We need to find the solution set of \(A\vb{x} = \vb{0}\) which we've done before. The Octave code cell below can be used to solve this system, giving the reduced echelon form for the augmented matrix \(\mqty[A & \vb{0}]\) to be
\begin{equation*}
\mqty[1 & 0 & 0 & 0 & 1 & 0 \\ 0 & 1 & 1 & -2 & 0 & 0 \\ 0 & 0 & 0 & 0 & 0 & 0].
\end{equation*}
Therefore any solution \(\vb{x}\in\RR^5\) of \(A\vb{x}=\vb{0}\) must look like
\begin{equation*}
\vb{x} = \mqty[x_1\\x_2\\x_3\\x_4\\x_5] = \mqty[-x_5\\-x_3+2x_4\\x_3\\x_4\\x_5] = x_3\mqty[0\\-1\\1\\0\\0] + x_4\mqty[0\\2\\0\\1\\0] + x_5\mqty[-1\\0\\0\\0\\1].
\end{equation*}
Note that the above shows that
\begin{equation*}
\nul{A} = \spn{\qty{\mqty[0\\-1\\1\\0\\0], \mqty[0\\2\\0\\1\\0], \mqty[-1\\0\\0\\0\\1]}}
\end{equation*}
Since these vectors are also linearly independent, it follows that the set
\begin{equation*}
\qty{\mqty[0\\-1\\1\\0\\0], \mqty[0\\2\\0\\1\\0], \mqty[-1\\0\\0\\0\\1]}
\end{equation*}
is in fact a basis for \(\nul{A}\) and \(\dim{\nul{A}} = 3\text{.}\)

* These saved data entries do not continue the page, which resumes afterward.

(* Fix finite nonempty $A$, $\Omega$, a full-support prior $\mu_0$ on $\Omega$, a finite $M$ with $|M|>\max\{|\Omega|,|A|\}$, and a strictly supermodular $u_S:A\times\Omega\to\mathbb R$. There is a set of Receiver preferences $u_R:A\times\Omega\to[0,1]$ of Lebesgue measure one in $[0,1]^{|A||\Omega|}$ such that, for every $u_R$ in it, if Sender values committing to a curve, then curve-committed Sender values randomization.
   Context: Messaging strategies $\sigma:\Omega\to\Delta M$, action strategies $\rho:M\to\Delta A$, $U_i(\sigma,\rho)=\sum_{\omega,m,a}\mu_0(\omega)\sigma(m|\omega)\rho(a|m)u_i(a,\omega)$. $(\sigma,\rho)$ is S-BR if $\sigma\in\arg\max_{\sigma'}U_S(\sigma',\rho)$ and R-BR if $\rho\in\arg\max_{\rho'}U_R(\sigma,\rho')$; a cheap-talk equilibrium is both, and the cheap-talk payoff is the max of $U_S$ over cheap-talk equilibria. For $\sigma$, let $D(\sigma)=\{\sigma':\sum_\omega\mu_0(\omega)\sigma'(m|\omega)=\sum_\omega\mu_0(\omega)\sigma(m|\omega)\ \forall m\}$. A profile $(\sigma^*,\rho^* )$ is a curve equilibrium if $\sigma^*\in\arg\max_{\sigma\in D(\sigma^* )}U_S(\sigma,\rho^* )$ and $\rho^*\in\arg\max_\rho U_R(\sigma^*,\rho)$. The curve payoff is the max of $U_S$ over curve equilibria; the curve partitional payoff is the max over curve equilibria with partitional $\sigma$ ($\sigma$ is partitional if for every $\omega$ some $m$ has $\sigma(m|\omega)=1$). Sender values committing to a curve if the curve payoff strictly exceeds the cheap-talk payoff; curve-committed Sender values randomization if the curve payoff strictly exceeds the curve partitional payoff. $u_S$ is strictly supermodular if there are total orders on $A$ and on $\Omega$ such that for $a'>a$ and $\omega'>\omega$, $u_S(a',\omega')-u_S(a,\omega')>u_S(a',\omega)-u_S(a,\omega)$. *)

From HB Require Import structures.
From mathcomp Require Import all_boot all_order all_algebra.
From mathcomp Require Import all_classical all_reals.
Set Implicit Arguments. Unset Strict Implicit. Unset Printing Implicit Defensive.
Import Order.TTheory GRing.Theory Num.Theory.
Local Open Scope ring_scope.
Local Open Scope classical_set_scope.

Section Game.
Variables (R : realType) (A Om M : finType).

Definition is_dist (T : finType) (p : T -> R) : Prop :=
  (forall t, 0 <= p t) /\ \sum_(t : T) p t = 1.

(* messaging strategy sigma : Omega -> Delta M, written sigma w m = sigma(m|w) *)
Definition msg_strat (s : Om -> M -> R) : Prop := forall w, is_dist (s w).
(* action strategy rho : M -> Delta A, written rho m a = rho(a|m) *)
Definition act_strat (r : M -> A -> R) : Prop := forall m, is_dist (r m).

Variable mu0 : Om -> R.

Definition U (u : A -> Om -> R) (s : Om -> M -> R) (r : M -> A -> R) : R :=
  \sum_(w : Om) \sum_(m : M) \sum_(a : A) mu0 w * s w m * r m a * u a w.

Variables (uS uR : A -> Om -> R).

Definition S_BR s r : Prop :=
  forall s', msg_strat s' -> U uS s' r <= U uS s r.
Definition R_BR s r : Prop :=
  forall r', act_strat r' -> U uR s r' <= U uR s r.

Definition cheap_talk_eq s r : Prop :=
  msg_strat s /\ act_strat r /\ S_BR s r /\ R_BR s r.

Definition same_marginal (s s' : Om -> M -> R) : Prop :=
  forall m, \sum_(w : Om) mu0 w * s' w m = \sum_(w : Om) mu0 w * s w m.

Definition curve_eq s r : Prop :=
  msg_strat s /\ act_strat r /\
  (forall s', msg_strat s' -> same_marginal s s' -> U uS s' r <= U uS s r) /\
  R_BR s r.

Definition partitional (s : Om -> M -> R) : Prop :=
  forall w, exists m, s w m = 1.

(* payoffs: the (attained) maximum of U_S over the equilibrium set, via sup *)
Definition cheap_talk_payoff : R :=
  sup [set x | exists s r, cheap_talk_eq s r /\ x = U uS s r].
Definition curve_payoff : R :=
  sup [set x | exists s r, curve_eq s r /\ x = U uS s r].
Definition curve_partitional_payoff : R :=
  sup [set x | exists s r, (curve_eq s r /\ partitional s) /\ x = U uS s r].

Definition values_committing : Prop := cheap_talk_payoff < curve_payoff.
Definition values_randomization : Prop := curve_partitional_payoff < curve_payoff.

End Game.

Definition strict_total_order (T : eqType) (lt : rel T) : Prop :=
  (forall x, ~~ lt x x) /\
  (forall x y z, lt x y -> lt y z -> lt x z) /\
  (forall x y, x != y -> lt x y || lt y x).

Definition strictly_supermodular (R : realType) (A Om : finType)
    (uS : A -> Om -> R) : Prop :=
  exists (ltA : rel A) (ltO : rel Om),
    strict_total_order ltA /\ strict_total_order ltO /\
    forall a a' w w', ltA a a' -> ltO w w' ->
      uS a' w - uS a w < uS a' w' - uS a w'.

Definition unit_cube (R : realType) (A Om : finType) : set (A -> Om -> R) :=
  [set u | forall a w, 0 <= u a w <= 1].

Definition box_vol (R : realType) (A Om : finType) (lo hi : A -> Om -> R) : R :=
  \prod_(a : A) \prod_(w : Om) (hi a w - lo a w).

Definition lebesgue_null (R : realType) (A Om : finType)
    (N : set (A -> Om -> R)) : Prop :=
  forall eps : R, 0 < eps ->
    exists (lo hi : nat -> A -> Om -> R),
      (forall k a w, lo k a w <= hi k a w) /\
      (N `<=` \bigcup_k [set u | forall a w, lo k a w <= u a w <= hi k a w]) /\
      (forall n, \sum_(k < n) box_vol (lo k) (hi k) <= eps).

Definition full_measure_in_cube (R : realType) (A Om : finType)
    (S : set (A -> Om -> R)) : Prop :=
  S `<=` @unit_cube R A Om /\ lebesgue_null (@unit_cube R A Om `\` S).

From HB Require Import structures.
From mathcomp Require Import all_boot all_order all_algebra.
From mathcomp Require Import all_classical all_reals.
From mathcomp Require Import ring lra zify.
Set Implicit Arguments. Unset Strict Implicit. Unset Printing Implicit Defensive.
Import Order.TTheory GRing.Theory Num.Theory.
Local Open Scope ring_scope.
Local Open Scope classical_set_scope.

(* Call Receiver preferences generic when no nonempty set of types leaves the
   Receiver exactly indifferent between two actions; the others lie on finitely
   many hyperplanes, a null set.  For generic preferences the Receiver's reply to
   each message of a partitional Sender strategy is unique, so a partitional curve
   equilibrium is a partition of the types with its induced actions.  If no type
   prefers the action induced for another type, it is a cheap-talk equilibrium.
   Otherwise supermodularity makes the induced actions monotone in the type, and
   there are a type v and an induced action c that v strictly prefers, with all
   higher types receiving c or more and no induced action strictly in between.
   Moving a little mass of v to the message inducing c keeps the messaging
   assortative, hence optimal for its marginal, and keeps the Receiver's strict best
   replies: the result is a curve equilibrium paying Sender strictly more.  So each
   partitional value is at most the cheap-talk payoff or strictly below the curve
   payoff, and as there are finitely many partitions, the partitional payoff is
   below the curve payoff whenever the cheap-talk payoff is. *)

(** * Strict total orders on finite types *)

Section StrictTotalOrder.
Variables (T : finType) (lt : rel T).
Hypothesis lt_order : strict_total_order lt.

Lemma strict_total_order_flip : strict_total_order (fun x y => lt y x).
Proof.
have [irr [tr tot]] := lt_order.
split=> //; split=> [x y z hxy hyz | x y nxy]; first exact: tr hyz hxy.
by rewrite orbC tot.
Qed.

Let le x y := (x == y) || lt x y.

Let le_refl : reflexive le.
Proof. by move=> x; rewrite /le eqxx. Qed.

Let le_trans : transitive le.
Proof.
have [_ [tr _]] := lt_order.
move=> y x z /orP[/eqP -> // | hxy] /orP[/eqP <- | hyz]; first by rewrite /le hxy orbT.
by rewrite /le (tr _ _ _ hxy hyz) orbT.
Qed.

Definition sorted_elems := sort le (enum T).
Definition rank x := index x sorted_elems.

Let sorted_elems_sorted : sorted le sorted_elems.
Proof.
apply: sort_sorted => x y; rewrite /le.
by have [// | nxy] := eqVneq x y; rewrite /= lt_order.2.2.
Qed.

Let mem_sorted_elems x : x \in sorted_elems.
Proof. by rewrite mem_sort mem_enum. Qed.

Lemma size_sorted_elems : size sorted_elems = #|T|.
Proof. by rewrite size_sort cardE. Qed.

Lemma rank_lt_card x : (rank x < #|T|)%N.
Proof. by rewrite -size_sorted_elems index_mem. Qed.

Lemma nth_rank x0 x : nth x0 sorted_elems (rank x) = x.
Proof. exact: nth_index. Qed.

Lemma rank_nth x0 j : (j < #|T|)%N -> rank (nth x0 sorted_elems j) = j.
Proof.
by move=> hj; rewrite /rank index_uniq ?size_sorted_elems ?sort_uniq ?enum_uniq.
Qed.

Lemma ltn_rank x y : (rank x < rank y)%N = lt x y.
Proof.
have [irr [tr _]] := lt_order.
apply/idP/idP => [hxy | lt_xy].
  have := sorted_ltn_index le_trans sorted_elems_sorted x y (mem_sorted_elems x)
    (mem_sorted_elems y) hxy.
  by case/orP=> // /eqP exy; move: hxy; rewrite exy ltnn.
rewrite ltnNge; apply/negP => hyx.
have := sorted_leq_index le_trans le_refl sorted_elems_sorted y x (mem_sorted_elems y)
  (mem_sorted_elems x) hyx.
case/orP=> [/eqP eyx | lt_yx]; first by move: lt_xy; rewrite eyx (negbTE (irr x)).
by move: (tr _ _ _ lt_xy lt_yx); rewrite (negbTE (irr x)).
Qed.

Lemma exists_lt_max (P : pred T) x :
  P x -> exists2 y, P y & forall z, P z -> ~~ lt y z.
Proof.
move=> Px; case: (arg_maxnP rank Px) => y Py ymax.
by exists y => // z /ymax; rewrite -ltn_rank -leqNgt.
Qed.

End StrictTotalOrder.

Definition supermodular_for (R : realDomainType) (A Om : Type)
    (ltA : rel A) (ltO : rel Om) (u : A -> Om -> R) :=
  forall a a' w w', ltA a a' -> ltO w w' -> u a' w - u a w < u a' w' - u a w'.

At this point we can make a simple but useful observation. In
Example 1.5.8, the dimension of the null space was directly tied to the number of free variables in the system
\(A\vb{x} = \vb{0}\text{.}\) The number of basic variables is likewise equal to the number of pivot columns of
\(A\text{.}\) Noting that the number of basic variables plus the number of free variables must be the total number of columns of
\(A\text{,}\) together with
Theorem 1.4.6, we get the
Rank-Nullity Theorem.
Theorem 1.5.9. Rank-Nullity Theorem.
Let \(A\) be an \(m\times n\) matrix. Then
\begin{equation*}
\rank{A} + \dim\nul{A} = n.
\end{equation*}